(* As in Defs, the piece index i of phi is implicit here: phi j is phi^{i,j}. *)
Variables (kappa : 'I_N -> nat) (phi : forall i : 'I_N, 'I_(kappa i) -> X -> R).
Hypotheses
  (phi_cont : forall (i : 'I_N) (j : 'I_(kappa i)), (i < M)%N -> CK (S i) (phi j))
  (phi_exc : forall (i : 'I_N) (j : 'I_(kappa i)), (i < M)%N ->
     forall lam : R, 0 < lam -> forall x, lam * Rs i lam (phi j) x <= phi j x)
  (phi_sum : forall i : 'I_N, (i < M)%N ->
     forall x, \sum_(j < kappa i) phi j x = \1_(S i) x).

Local Notation ell := (@Defs.ell _ _ _ M Rs _ phi).

Lemma exit_law_CK (i : 'I_N) (j : 'I_(kappa i)) lam : (i < M)%N -> 0 < lam ->
  CK (S i) (fun x => phi j x - lam * Rs i lam (phi j) x).
Proof.
move=> iM lam0; have Cphi := phi_cont j iM.
have -> : (fun x => phi j x - lam * Rs i lam (phi j) x) =
    (fun x => - lam * Rs i lam (phi j) x + phi j x).
  by apply/funext => x; ring.
exact: CK_comb (resolvent_CK (hA i) (hR i) lam0 Cphi) Cphi.
Qed.

Lemma ell_CK b lam : 0 < lam -> CK (S (tag (val b))) (ell b lam).
Proof. exact: exit_law_CK (valP b). Qed.

Lemma ell_ge0 b lam x : 0 < lam -> 0 <= ell b lam x.
Proof. by move=> lam0; rewrite subr_ge0; exact: phi_exc (valP b) _ lam0 x. Qed.

Lemma Rdu_ell b lam mu x : 0 < lam -> 0 < mu ->
  (lam - mu) * Rdu mu (ell b lam) x = ell b mu x - ell b lam x.
Proof.
move=> lam0 mu0; rewrite (Rdu_CK mu0 (ell_CK b lam0)).
set i := tag (val b); set j := tagged (val b).
have Cphi : CK (S i) (phi j) := phi_cont j (valP b).
have -> : ell b lam = (fun x => - lam * Rs i lam (phi j) x + phi j x).
  by apply/funext => y; rewrite /Defs.ell; ring.
have CRphi := resolvent_CK (hA i) (hR i) lam0 Cphi.
rewrite (resolvent_comb (hT i) (hA i) (hR i)) //= mulrDr mulrCA.
rewrite (resolvent_identity (hT i) (hA i) (hR i)) // /Defs.ell -/i -/j.
ring.
Qed.

Lemma Rdu_sum lam y (I : Type) (r : seq I) (g : I -> X -> R) : 0 < lam ->
  (forall i, continuous (g i)) ->
  Rdu lam (fun x => \sum_(i <- r) g i x) y = \sum_(i <- r) Rdu lam (g i) y.
Proof.
move=> lam0; exact: (linear_on_sum (P := fun h : X -> R => continuous h)
  (L := fun h => Rdu lam h y) continuous0 continuous_comb (Rdu_comb_at y lam0)).
Qed.

Lemma Rdu_comb_sum lam y (I : Type) (r : seq I) (c : I -> R) (g : I -> X -> R) :
  0 < lam -> (forall i, continuous (g i)) ->
  Rdu lam (fun x => \sum_(i <- r) c i * g i x) y = \sum_(i <- r) c i * Rdu lam (g i) y.
Proof.
move=> lam0; exact: (linear_on_comb_sum (P := fun h : X -> R => continuous h)
  (L := fun h => Rdu lam h y) continuous0 continuous_comb (Rdu_comb_at y lam0)).
Qed.

Lemma Rdu_Rdu lam mu f x : 0 < lam -> 0 < mu -> continuous f ->
  (lam - mu) * Rdu mu (Rdu lam f) x = Rdu mu f x - Rdu lam f x.
Proof.
move=> lam0 mu0 cf.
have CRf i : CK (S i) (Rs i lam (fun y => f y * \1_(S i) y)).
  exact: (resolvent_CK (hA i) (hR i) lam0 (CK_mul_indic (S_open i) (@S_closed i) cf)).
have -> : Rdu lam f = (fun y => \sum_(i < N) Rs i lam (fun z => f z * \1_(S i) z) y).
  by [].
rewrite Rdu_sum // => [|i]; last exact: (CRf i).1.
under eq_bigr => i _ do rewrite (Rdu_CK mu0 (CRf i)).
rewrite mulr_sumr /Defs.Rdu -sumrB; apply: eq_bigr => i _.
exact: (resolvent_identity (hT i) (hA i) (hR i) lam0 mu0
  (CK_mul_indic (S_open i) (@S_closed i) cf) x).
Qed.

Variable p : IJ M kappa -> {measure set (borelType X) -> \bar R}.

Local Notation n := #|{: IJ M kappa}|.
Local Notation Rco := (Rco S Rs phi p).
Local Notation uvec := (uvec S Rs phi p).
Local Notation vvec := (vvec S Rs p).
Local Notation Nmat := (Nmat Rs phi p).

Lemma Rco_continuous lam f : 0 < lam -> continuous f -> continuous (Rco lam f).
Proof.
move=> lam0 cf; apply: (closedD (P := fun h : X -> R => continuous h) continuous_comb).
  exact: Rdu_continuous.
by apply: continuous_comb_sum => a; exact: (ell_CK _ lam0).1.
Qed.

Lemma Rdu_Rco lam mu f x : 0 < lam -> 0 < mu -> continuous f ->
  (lam - mu) * Rdu mu (Rco lam f) x = Rdu mu f x - Rdu lam f x +
    \sum_(a < n) uvec f lam a 0 * (ell (enum_val a) mu x - ell (enum_val a) lam x).
Proof.
move=> lam0 mu0 cf.
have cell a : continuous (ell (enum_val a) lam) := (ell_CK _ lam0).1.
have -> : Rco lam f = (fun y => 1 * Rdu lam f y +
    \sum_(a < n) uvec f lam a 0 * ell (enum_val a) lam y).
  by apply/funext => y; rewrite mul1r.
rewrite Rdu_comb_at //; last exact: continuous_comb_sum.
  rewrite mul1r Rdu_comb_sum // mulrDr Rdu_Rdu // mulr_sumr; congr (_ + _).
  by apply: eq_bigr => a _; rewrite mulrCA Rdu_ell.
exact: Rdu_continuous.
Qed.

Hypotheses (X_compact : compact [set: X])
  (p_sub : forall b, (p b [set: borelType X] <= 1)%E).

Lemma p_fin b : (p b [set: borelType X] < +oo)%E.
Proof. exact: le_lt_trans (p_sub b) (ltry 1). Qed.

Lemma ell_continuous b lam : 0 < lam -> continuous (ell b lam).
Proof. by move=> lam0; have [] := ell_CK b lam0. Qed.

Lemma vvec_Rco lam mu f : 0 < lam -> 0 < mu -> continuous f ->
  (lam - mu) *: vvec (Rco lam f) mu =
  vvec f mu - vvec f lam + (Nmat mu - Nmat lam) *m uvec f lam.
Proof.
move=> lam0 mu0 cf; apply/matrixP => a j; rewrite (ord1 j) !mxE /Defs.integ.
have int (g : X -> R) : continuous g ->
    (p (enum_val a)).-integrable [set: borelType X] (EFin \o g).
  by move=> cg; exact: (continuous_integrable X_compact (p_fin _) cg).
have cRdu nu : 0 < nu -> continuous (Rdu nu f) by move=> nu0; exact: Rdu_continuous.
have cdiff (b : 'I_n) : continuous (fun x => ell (enum_val b) mu x - ell (enum_val b) lam x).
  by move=> x; apply: continuousB; exact: ell_continuous.
have cRdu_diff : continuous (fun x => Rdu mu f x - Rdu lam f x).
  by move=> x; apply: continuousB; exact: cRdu.
rewrite -RintegralZl //; last exact/int/Rdu_continuous/Rco_continuous.
under eq_Rintegral do rewrite Rdu_Rco //.
rewrite (RintegralD _ (int _ cRdu_diff) (int _ (continuous_comb_sum cdiff))) //.
rewrite (RintegralB _ (int _ (cRdu _ mu0)) (int _ (cRdu _ lam0))) //.
rewrite (Rintegral_comb_sum X_compact (p_fin _) _ _ cdiff).
congr (_ + _); apply: eq_bigr => b _; rewrite !mxE mulrC /Defs.integ.
by rewrite (RintegralB _ (int _ (ell_continuous mu0)) (int _ (ell_continuous lam0))).
Qed.

Lemma sum_ell_lt1 lam x : 0 < lam -> \sum_(b : IJ M kappa) ell b lam x < 1.
Proof.
move=> lam0; rewrite (@sum_IJ _ _ M _
  (fun s => phi (tagged s) x - lam * Rs (tag s) lam (phi (tagged s)) x)) /=.
have [k Skx] := piece_exists x.
have off_piece (i : 'I_N) : (i < M)%N -> i != k ->
    \sum_(j < kappa i) (phi j x - lam * Rs i lam (phi j) x) = 0.
  move=> iM ik; apply: big1 => j _; apply: (exit_law_CK j iM lam0).2 => Six.
  by move/eqP: ik; apply; exact: piece_unique Six Skx.
have [kM|Mk] := ltnP k M; last first.
  rewrite big1 ?ltr01 // => i iM; have ik : i != k by apply: contraTneq iM => ->; rewrite -leqNgt.
  exact: off_piece iM ik.
rewrite (bigD1 k) //= [X in _ + X]big1 ?addr0 => [|i /andP[iM ik]]; last first.
  exact: off_piece.
rewrite sumrB -mulr_sumr phi_sum // indicE mem_set //.
have -> : \sum_(j < kappa k) Rs k lam (phi j) x = Rs k lam \1_(S k) x.
  have /= <- := congr1 (fun F => F x) (resolvent_sum (hT k) (hA k) (hR k)
    (index_enum _) lam0 (fun j => phi_cont j kM)).
  by congr (Rs k lam _ x); apply/funext => y; rewrite phi_sum.
have := resolvent_indic_gt0 (hT k) (hA k) (hR k) X_compact lam0
  (@CK_indic R _ _ (S_open k) (@S_closed k)) Skx.
by move=> pos; rewrite ltrBlDr ltrDl mulr_gt0.
Qed.

Lemma Mmat_unit lam : 0 < lam -> Mmat Rs phi p lam \in unitmx.
Proof.
move=> lam0; apply: unitmx_1B_substochastic => [a b|a].
  by rewrite mxE; apply: Rintegral_ge0 => x _; exact: ell_ge0.
under eq_bigr do rewrite mxE.
rewrite -(Rintegral_sum X_compact (p_fin (enum_val a))) => [|b]; last first.
  exact: ell_continuous.
apply: Rintegral_lt1 X_compact (p_sub _) _ _ => [|x].
  by apply: continuous_sum => b; exact: ell_continuous.
rewrite -(big_enum_val (A := {: IJ M kappa}) (fun b => ell b lam x)).
exact: sum_ell_lt1.
Qed.

Lemma uvec_Rco lam mu f : 0 < lam -> 0 < mu -> continuous f ->
  (lam - mu) *: uvec (Rco lam f) mu = uvec f mu - uvec f lam.
Proof.
move=> lam0 mu0 cf; rewrite [in LHS]/Defs.uvec scalemxAr vvec_Rco //.
by rewrite /Defs.uvec /Mmat invmx_1B_shift //; exact: Mmat_unit.
Qed.

End DisjointUnion.

Unset Implicit Arguments.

══════════════════════════════

* _What to produce_
Exactly the lines from the one holding "by rewrite /Defs.uvec" through the end of the data are to be repeated, with both ends included.

* _Solution below_
by rewrite /Defs.uvec /Mmat invmx_1B_shift //; exact: Mmat_unit.
Qed.

End DisjointUnion.

Unset Implicit Arguments.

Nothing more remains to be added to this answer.